Don’t Forget Your Existing “Foundation” Documents
If you’re a company, your existing governance documents matter more than you might expect during a transaction.
For example, your Company Constitution (and any shareholder arrangements) may contain rules about share transfers, approvals, pre-emptive rights, or director decision-making that can affect how the deal must be implemented.
If you have multiple owners, a Shareholders Agreement can also be central - especially when not all shareholders are selling, or when there are different classes of shares, veto rights, or founder vesting arrangements.
Common M&A Risks For Startups And SMEs (And How A Lawyer Helps)
Most M&A disputes don’t happen because someone deliberately acted badly. They happen because expectations weren’t clearly documented, or because one party didn’t fully understand the risk they were accepting.
Here are some of the most common risk areas we see for startups and SMEs.
1. Unclear Intellectual Property Ownership
If your business relies on brand assets, software, product designs, content, or a customer database, buyers will want confidence that the business actually owns (or validly licences) that IP.
Problems often arise where founders used contractors without proper IP assignment terms, or where multiple entities contributed to development over time.
2. Earn-Out Clauses That Create Ongoing Conflict
Earn-outs can bridge a valuation gap (especially where the business is growing fast), but they can also create tension if the performance metrics aren’t crystal clear.
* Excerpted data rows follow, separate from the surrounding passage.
(* Centroid law for the quadratic form [y |-> |y x u|^2]; the cross terms between the
   [f_i] cancel because the vertices sit at alternate corners of the box. *)
Lemma sum_sqr_cross_vertices p u :
  dot (cross (a - p) u) (cross (a - p) u) + dot (cross (b - p) u) (cross (b - p) u)
  + dot (cross (c - p) u) (cross (c - p) u) + dot (cross (d - p) u) (cross (d - p) u)
  = 4 * dot (cross (g - p) u) (cross (g - p) u)
    + (dot (cross f1 u) (cross f1 u) + dot (cross f2 u) (cross f2 u)
       + dot (cross f3 u) (cross f3 u)) / 4.
Proof. by rewrite !dot_cross_cross /g /f1 /f2 /f3 /bimedian !dotE !mxE /=; field. Qed.

Lemma min_circumscribing_radius_le p u rho : is_simplex a b c d ->
  min_circumscribing a b c d p u rho ->
  [/\ 16 * rho ^+ 2 <= dot f2 f2 + dot f3 f3,
      16 * rho ^+ 2 <= dot f1 f1 + dot f3 f3 &
      16 * rho ^+ 2 <= dot f1 f1 + dot f2 f2].
Proof.
move=> simplex [[_ rho_gt0 _] rho_min].
have [F1_gt0 F2_gt0 F3_gt0] := bimedians_sqr_gt0 simplex.
have radius_le (f : pt R) (s : R) : 0 <= s ->
    circumscribing a b c d g f (Num.sqrt (s / 16)) -> 16 * rho ^+ 2 <= s.
  move=> s_ge0 /rho_min rho_le.
  suff : rho ^+ 2 <= s / 16 by lra.
  have s16_ge0 : 0 <= s / 16 by rewrite divr_ge0.
  by rewrite -(sqr_sqrtr s16_ge0) ler_sqr ?nnegrE ?sqrtr_ge0 // ltW.
have [ax1 ax2 ax3] := circumscribing_bimedian_axes simplex.
by split; [apply: radius_le ax1 | apply: radius_le ax2 | apply: radius_le ax3];
  rewrite addr_ge0 ?ltW.
Qed.

Lemma circumscribing_sqr_cross p u rho : circumscribing a b c d p u rho ->
  [/\ dot (cross (a - p) u) (cross (a - p) u) = rho ^+ 2 * dot u u,
      dot (cross (b - p) u) (cross (b - p) u) = rho ^+ 2 * dot u u,
      dot (cross (c - p) u) (cross (c - p) u) = rho ^+ 2 * dot u u &
      dot (cross (d - p) u) (cross (d - p) u) = rho ^+ 2 * dot u u].
Proof.
move=> [u_neq0 /ltW rho_ge0 [da db dc dd]].
by split; apply/dist_line_eq.
Qed.

Lemma min_circumscribing_centroid_axis p u rho : is_simplex a b c d ->
  min_circumscribing a b c d p u rho -> cross (g - p) u = 0.
Proof.
move=> simplex min_cyl; have [r1 r2 r3] := min_circumscribing_radius_le simplex min_cyl.
have [F1_gt0 F2_gt0 F3_gt0] := bimedians_sqr_gt0 simplex.
have [ea eb ec ed] := circumscribing_sqr_cross min_cyl.1.
have := weighted_parseval_le F1_gt0 F2_gt0 F3_gt0 (parseval_orthogonal u o12 o13 o23) r1 r2 r3.
have := sum_sqr_cross_vertices p u; rewrite ea eb ec ed.
set K := dot (cross (g - p) u) _; rewrite !dot_cross_cross => sum le_sum.
have K_eq0 : K = 0 by apply/eqP; rewrite eq_le dotvv_ge0 andbT; lra.
by apply/eqP; rewrite -dotvv_eq0 -/K K_eq0.
Qed.

Lemma perp_of_bimedians u :
  [\/ dot f2 u = 0 /\ dot f3 u = 0, dot f1 u = 0 /\ dot f3 u = 0 |
       dot f1 u = 0 /\ dot f2 u = 0] ->
  perp_two_opposite_edges a b c d u.
Proof.
rewrite /perp_two_opposite_edges.
have -> : dot u (b - a) = - (dot f2 u + dot f3 u) / 2.
  by rewrite /f2 /f3 /bimedian !dotE !mxE; field.
have -> : dot u (d - c) = (dot f3 u - dot f2 u) / 2.
  by rewrite /f2 /f3 /bimedian !dotE !mxE; field.
have -> : dot u (c - a) = - (dot f1 u + dot f3 u) / 2.
  by rewrite /f1 /f3 /bimedian !dotE !mxE; field.
have -> : dot u (d - b) = (dot f3 u - dot f1 u) / 2.
  by rewrite /f1 /f3 /bimedian !dotE !mxE; field.
have -> : dot u (d - a) = - (dot f1 u + dot f2 u) / 2.
  by rewrite /f1 /f2 /bimedian !dotE !mxE; field.
have -> : dot u (c - b) = (dot f2 u - dot f1 u) / 2.
  by rewrite /f1 /f2 /bimedian !dotE !mxE; field.
by case=> -[-> ->]; [apply: Or31 | apply: Or32 | apply: Or33]; split; field.
Qed.

Lemma centroid_axis_perp p u rho : circumscribing a b c d p u rho ->
  cross (g - p) u = 0 -> perp_two_opposite_edges a b c d u.
Proof.
move=> cyl gp_par; have [ea eb ec ed] := circumscribing_sqr_cross cyl.
rewrite -!(cross_sub_axis _ gp_par) in ea eb ec ed.
have sqr1 : (1 : R) ^+ 2 = 1 by rewrite expr1n.
have sqrN1 : (-1 : R) ^+ 2 = 1 by rewrite sqrrN expr1n.
have [ga gb gc gd] := centroid_offsets.
rewrite ga (box_vertex_cross sqr1 sqr1 sqr1) in ea.
rewrite gb (box_vertex_cross sqr1 sqrN1 sqrN1) in eb.
rewrite gc (box_vertex_cross sqrN1 sqr1 sqrN1) in ec.
rewrite gd (box_vertex_cross sqrN1 sqrN1 sqr1) in ed.
move: ea eb ec ed; set t1 := dot f1 u; set t2 := dot f2 u; set t3 := dot f3 u => ea eb ec ed.
have [eb' ec' ed'] : [/\ (t1 + t2 + t3) ^+ 2 = (t1 - t2 - t3) ^+ 2,
    (t1 + t2 + t3) ^+ 2 = (t2 - t1 - t3) ^+ 2 & (t1 + t2 + t3) ^+ 2 = (t3 - t1 - t2) ^+ 2].
  by split; lra.
exact: (perp_of_bimedians (two_of_three_eq0 eb' ec' ed')).
Qed.

Lemma min_circumscribing_perp p u rho : is_simplex a b c d ->
  min_circumscribing a b c d p u rho -> perp_two_opposite_edges a b c d u.
Proof.
move=> simplex min_cyl.
exact: centroid_axis_perp min_cyl.1 (min_circumscribing_centroid_axis simplex min_cyl).
Qed.

End Box.

End Space.

Theorem mainTheorem4 (R : realType) (a b c d : 'rV[R]_3) :
  is_simplex a b c d -> equal_facet_areas a b c d ->
  forall (p u : 'rV[R]_3) (rho : R),
    min_circumscribing a b c d p u rho ->
    perp_two_opposite_edges a b c d u.
Proof.
move=> simplex equal_areas p u rho min_cyl.
have [ab_cd ac_bd ad_bc] := equal_facet_areas_opposite_edges simplex equal_areas.
have [o12 o13 o23] := bimedians_orthogonal ab_cd ac_bd ad_bc.
exact: (min_circumscribing_perp o12 o13 o23 simplex min_cyl).
Qed.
Your mergers and acquisitions lawyer can help define:
- what revenue/profit measures apply
- what accounting standards will be used
- what control the seller retains (if any) during the earn-out period
- what happens if priorities change post-acquisition
3. Hidden Liabilities And “Surprises” Post-Completion
This is a classic risk for buyers in share sales, but it can show up in asset sales too (for example, if liabilities attach to the assets, or where certain employee-related obligations transfer by law depending on the structure).
Strong due diligence, well-drafted warranties and targeted indemnities can reduce this risk significantly.
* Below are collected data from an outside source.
(* For a fixed classifier, [f x rho < 0] iff [rho < rhobar x], so the risk of the threshold
   [rho] on the negative class is [F rho := P (y = -1 /\ rho < rhobar x)], a nonincreasing,
   right-continuous function of [rho].  If [P (y = -1) <= eps] every threshold is good.
   Otherwise there is a least [c] with [F c <= eps], and the event [y = -1 /\ c <= rhobar x]
   has probability [p >= eps].  The empirical threshold, the [r]-th largest score among the
   negative samples, is good exactly when at least [r] of the [nc] samples fall in that event;
   this count is Binomial([nc], [p]), so the failure probability is
   [B (r - 1; nc, p) <= B (r - 1; nc, eps) <= m B (r - 1; nc, eps)]. *)

Set Implicit Arguments.
Unset Strict Implicit.

Section binomial_law.
Variable R : realDomainType.
Implicit Types p q : R.

Definition binom_pmf p (n i : nat) : R := ('C(n, i))%:R * p ^+ i * (1 - p) ^+ (n - i).

Definition binom_lt p (n k : nat) : R := \sum_(i < k) binom_pmf p n i.

Lemma binom_pmf_ge0 p n i : 0 <= p <= 1 -> 0 <= binom_pmf p n i.
Proof.
case/andP=> p0 p1; rewrite /binom_pmf.
by rewrite !mulr_ge0 ?exprn_ge0 ?subr_ge0.
Qed.

Lemma binom_pmfS0 p n : binom_pmf p n.+1 0 = (1 - p) * binom_pmf p n 0.
Proof. by rewrite /binom_pmf !bin0 !subn0 exprS; ring. Qed.

Lemma binom_pmfSS p n i :
  binom_pmf p n.+1 i.+1 = (1 - p) * binom_pmf p n i.+1 + p * binom_pmf p n i.
Proof.
rewrite /binom_pmf binS natrD subSS mulrDl mulrDl.
have [lt_in|le_ni] := ltnP i n; first by rewrite -[(n - i)%N]subnSK // !exprS; ring.
by rewrite bin_small ?ltnS // !mul0r mulr0 !add0r exprS; ring.
Qed.

Lemma binom_ltS p n k : binom_lt p n k.+1 = binom_lt p n k + binom_pmf p n k.
Proof. by rewrite /binom_lt big_ord_recr. Qed.

Lemma binom_ltSS p n k :
  binom_lt p n.+1 k.+1 = (1 - p) * binom_lt p n k.+1 + p * binom_lt p n k.
Proof.
elim: k => [|k IHk]; first by rewrite /binom_lt !big_ord1 big_ord0 binom_pmfS0; ring.
by rewrite binom_ltS IHk binom_pmfSS !(binom_ltS p n k.+1) binom_ltS; ring.
Qed.

(* [binom_ltSS] mixes [binom_lt p n k.+1] and the smaller [binom_lt p n k] with weights
   [1 - p] and [p], so raising [p] shifts weight to the smaller one. *)
Lemma binom_lt_anti p q n k : 0 <= q -> q <= p -> p <= 1 -> binom_lt p n k <= binom_lt q n k.
Proof.
move=> q0 qp p1; elim: n k => [|n IHn] k.
  suff -> : binom_lt p 0 k = binom_lt q 0 k by [].
  apply: eq_bigr => -[[|i] lt_ik] _ //.
  by rewrite /binom_pmf bin_small // !mul0r.
case: k => [|k]; first by rewrite /binom_lt !big_ord0.
rewrite !binom_ltSS.
have := IHn k.+1; have := IHn k.
have : binom_lt q n k <= binom_lt q n k.+1.
  by rewrite binom_ltS lerDl binom_pmf_ge0 // q0 (le_trans qp p1).
nra.
Qed.

Lemma sum_card_lt_binom (n k : nat) p :
  \sum_(I : {set 'I_n} | (#|I| < k)%N) p ^+ #|I| * (1 - p) ^+ (n - #|I|) = binom_lt p n k.
Proof.
case: k => [|k]; first by rewrite /binom_lt big_ord0 big_pred0.
rewrite (partition_big (fun I : {set 'I_n} => (inord #|I| : 'I_k.+1)) xpredT) //=.
apply: eq_bigr => j _.
rewrite (eq_bigl (fun I : {set 'I_n} => #|I| == j)); last first.
  move=> I /=; apply/andP/eqP => [[lt_Ik /eqP <-]|cardI]; first by rewrite inordK.
  split; first by rewrite cardI ltn_ord.
  by apply/eqP/val_inj; rewrite /= inordK // cardI.
rewrite (eq_bigr (fun _ => p ^+ j * (1 - p) ^+ (n - j))); last by move=> I /eqP ->.
by rewrite sumr_const -cardsE card_draws card_ord -mulr_natl /binom_pmf mulrA.
Qed.

End binomial_law.

Lemma binomCDF_binom_lt (R : realType) (k n : nat) (p : R) :
  binomCDF k n p = binom_lt p n k.+1.
Proof. by []. Qed.

Lemma le_nth_sorted_ge (R : realDomainType) (c : R) (t : seq R) i :
  sorted >=%R t -> (i < size t)%N -> (c <= nth 0 t i) = (i < count (>= c) t)%N.
Proof.
elim: t i => [//|a t IHt] i /= sorted_at lt_it.
have ge_trans : transitive (>=%R : rel R) by move=> y x z xy yz; exact: le_trans yz xy.
have /allP le_a := order_path_min ge_trans sorted_at.
have [le_ca|lt_ac] := leP c a.
  by case: i lt_it => [|i] //= lt_it; rewrite IHt ?(path_sorted sorted_at).
have -> : count (>= c) t = 0%N.
  apply/eqP; rewrite -leqn0 leqNgt -has_count; apply/hasPn => b bt.
  by rewrite -ltNge (le_lt_trans (le_a b bt)).
apply/negbTE; rewrite -ltNge; apply: le_lt_trans lt_ac.
by case: i lt_it => [|i] //= lt_it; apply/le_a/mem_nth.
Qed.

Lemma le_genmax (R : realType) (c : R) r (s : seq R) : (1 <= r)%N -> (r <= size s)%N ->
  (c <= genmax r s) = (r <= count (>= c) s)%N.
Proof.
move=> r_gt0 le_rs; rewrite /genmax le_nth_sorted_ge ?count_sort ?prednK //.
- by apply: sort_sorted => a b; exact: le_total.
- by rewrite size_sort.
Qed.

Section scalable_classifier.
Variable R : realType.

Lemma limNy_lt0_nondecreasing (g : R -> R) : {homo g : a b / a <= b} ->
  (lim ((g rho)%:E @[rho --> -oo%R]) < 0)%E -> exists a, g a < 0.
Proof.
move=> g_nd; apply: contraPP => /forallNP g_ge0.
have g_cvg : cvg ((g rho)%:E @[rho --> -oo%R]).
  apply/cvg_ex; exists (ereal_inf (range (fun rho => (g (- rho))%:E))).
  by apply/cvgNy_compNP/nonincreasing_cvge => a b le_ab; rewrite lee_fin g_nd // lerN2.
apply/negP; rewrite -leNgt; apply: lime_ge g_cvg _; apply: nearW => rho.
by rewrite lee_fin leNgt; apply/negP/g_ge0.
Qed.

Lemma limy_gt0_nondecreasing (g : R -> R) : {homo g : a b / a <= b} ->
  (0 < lim ((g rho)%:E @[rho --> +oo%R]))%E -> exists b, 0 < g b.
Proof.
move=> g_nd; apply: contraPP => /forallNP g_le0.
have g_cvg : cvg ((g rho)%:E @[rho --> +oo%R]).
  apply/cvg_ex; exists (ereal_sup (range (fun rho => (g rho)%:E))).
  by apply: nondecreasing_cvge => a b le_ab; rewrite lee_fin g_nd.
apply/negP; rewrite -leNgt; apply: lime_le g_cvg _; apply: nearW => rho.
by rewrite lee_fin leNgt; apply/negP/g_le0.
Qed.

Variables (X : Type) (g : X -> R -> R).
Hypothesis g_scalable : scalable_classifier g.

Lemma scalable_classifier_root x : exists rho, g x rho = 0.
Proof.
have [g_cont [g_incr [lim_Ny lim_y]]] := g_scalable x.
have g_nd := ltW_homo g_incr.
have [a ga_lt0] := limNy_lt0_nondecreasing g_nd lim_Ny.
have [b gb_gt0] := limy_gt0_nondecreasing g_nd lim_y.
have le_ab : a <= b by rewrite leNgt; apply/negP => /g_incr; lra.
have [|rho _ grho] := @IVT R (g x) a b 0 le_ab (continuous_subspaceT g_cont).
  by rewrite ge_min le_max (ltW ga_lt0) (ltW gb_gt0) orbT.
by exists rho.
Qed.

Lemma scalable_classifier_lt0 x rho : (g x rho < 0) = (rho < rhobar g x).
Proof.
have [_ [g_incr _]] := g_scalable x.
have root : g x (rhobar g x) = 0 by exact: xgetPex (scalable_classifier_root x).
by rewrite -[in LHS]root (leW_mono (le_mono g_incr)).
Qed.

End scalable_classifier.

Section monotone_measure_limits.
Context d (T : measurableType d) (R : realType) (mu : {measure set T -> \bar R}).
Variable F : (set T)^nat.
Hypothesis mF : forall n, measurable (F n).

Lemma nondecreasing_bigcup_measure_le (a : \bar R) :
  {homo F : n m / (n <= m)%N >-> (n <= m)%O} -> (forall n, (mu (F n) <= a)%E) ->
  (mu (\bigcup_n F n) <= a)%E.
Proof.
move=> F_nd le_muF_a.
have mu_cvg := nondecreasing_cvg_mu (mu:=mu) mF (bigcupT_measurable F mF) F_nd.
by rewrite -(cvg_lim _ mu_cvg) //; apply: lime_le; [exact: cvgP mu_cvg|exact: nearW].
Qed.

Lemma nonincreasing_bigcap_measure_ge (a : \bar R) : (mu (F 0%N) < +oo)%E ->
  {homo F : n m / (n <= m)%N >-> (m <= n)%O} -> (forall n, (a <= mu (F n))%E) ->
  (a <= mu (\bigcap_n F n))%E.
Proof.
move=> muF0_fin F_ni le_a_muF.
have mu_cvg := nonincreasing_cvg_mu (mu:=mu) muF0_fin mF (bigcapT_measurable mF) F_ni.
by rewrite -(cvg_lim _ mu_cvg) //; apply: lime_ge; [exact: cvgP mu_cvg|exact: nearW].
Qed.

End monotone_measure_limits.

Definition superlevel (T : Type) (R : numDomainType) (D : set T) (h : T -> R) (rho : R) :=
  D `&` [set t | rho < h t].

Section superlevel_sets.
Context (T : Type) (R : realType) (D : set T) (h : T -> R).
Local Notation S := (superlevel D h).

Lemma superlevel_anti : {homo S : a b / a <= b >-> (b <= a)%O}.
Proof.
by move=> a b le_ab; apply/subsetPset => t [Dt lt_bh]; split=> //; exact: le_lt_trans lt_bh.
Qed.

Lemma bigcup_superlevelN : \bigcup_n S (- n%:R) = D.
Proof.
apply/seteqP; split=> [t [n _ []] //|t Dt].
exists (Num.Def.archi_bound `|h t|) => //; split=> //.
rewrite /= ltrNl (le_lt_trans _ (archi_boundP (normr_ge0 _))) //.
by rewrite -normrN ler_norm.
Qed.

Lemma bigcap_superlevel_nat : \bigcap_n S n%:R = set0.
Proof.
apply/seteqP; split=> // t /(_ (Num.Def.archi_bound `|h t|) I) [_].
by move/lt_le_trans/(_ (ler_norm _)); rewrite ltNge (ltW (archi_boundP (normr_ge0 _))).
Qed.

Lemma bigcup_superlevel_right c : \bigcup_n S (c + n.+1%:R^-1) = S c.
Proof.
apply/seteqP; split=> t.
  by case=> n _ [Dt lt_h]; split=> //; apply: lt_trans lt_h; rewrite ltrDl invr_gt0.
by case=> Dt /= /ltr_add_invr [n lt_h]; exists n.
Qed.

Lemma bigcap_superlevel_left c :
  \bigcap_n S (c - n.+1%:R^-1) = D `&` [set t | c <= h t].
Proof.
apply/seteqP; split=> t.
  move=> St; split; first by have [] := St 0%N I.
  rewrite /= leNgt; apply/negP => /ltr_add_invr [n lt_h].
  by have [_ /=] := St n I; rewrite ltrBlDr ltNge (ltW lt_h).
case=> Dt le_ch n _; split=> //; apply: lt_le_trans le_ch.
by rewrite ltrBlDr ltrDl invr_gt0.
Qed.

End superlevel_sets.

Lemma invSn_anti (R : numFieldType) :
  {homo (fun n : nat => n.+1%:R^-1 : R) : m n / (m <= n)%N >-> n <= m}.
Proof. by move=> m n le_mn; rewrite lef_pV2 ?posrE ?ltr0Sn // ler_nat ltnS. Qed.

Section superlevel_quantile.
Context d (T : measurableType d) (R : realType) (P : probability T R).
Context (D : set T) (h : T -> R).
Local Notation S := (superlevel D h).
Hypothesis mS : forall rho, measurable (S rho).

Lemma measurable_superlevel_closed c : measurable (D `&` [set t | c <= h t]).
Proof. by rewrite -(bigcap_superlevel_left D h); exact: bigcapT_measurable. Qed.

Lemma le_measure_superlevel a b : a <= b -> (P (S b) <= P (S a))%E.
Proof. by move=> le_ab; apply: le_measure; rewrite ?inE //; exact/subsetPset/superlevel_anti. Qed.

Variable e : R.

Lemma measure_superlevel_le_dom :
  (forall rho, P (S rho) <= e%:E)%E -> (P D <= e%:E)%E.
Proof.
move=> le_e; rewrite -(bigcup_superlevelN D h).
apply: nondecreasing_bigcup_measure_le => [//|m n le_mn|n]; last exact: le_e.
by apply: superlevel_anti; rewrite lerN2 ler_nat.
Qed.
4. Key Customer Or Supplier Contracts Can’t Be Transferred
Some contracts have restrictions on assignment or “change of control” clauses that allow termination if the business is sold.
If the deal value depends on a small number of key relationships, this is a major issue to spot early - not at the last minute before completion.
5. Poorly Managed Employee Issues
Employees are often the engine of value in a growing business. Issues can arise if:
- employment contracts are missing or outdated
- incentive arrangements aren’t properly documented
- there are disputes or underpayments
- key staff might leave if the deal proceeds
This is also one reason many buyers ask for key employees to sign new arrangements as a condition of completion.
Key Takeaways
- Hiring a mergers and acquisitions lawyer early can help you structure the deal properly, protect your leverage, and reduce the risk of expensive surprises later.
- Most Australian startup and SME transactions follow a practical flow: confidentiality, heads of terms, due diligence, negotiation of the main agreement, then completion and transition.
- Choosing between a share sale and an asset sale is a major decision - it affects what you inherit, what transfers automatically, and how much legal complexity the deal involves.
- Key documents often include an NDA, heads of agreement, a share sale or asset sale agreement, and supporting documents like IP assignments and transition arrangements.
- Common risk areas include IP ownership, earn-outs, hidden liabilities, non-transferable contracts, and employee compliance - all of which are easier to manage when the documents are clear and tailored.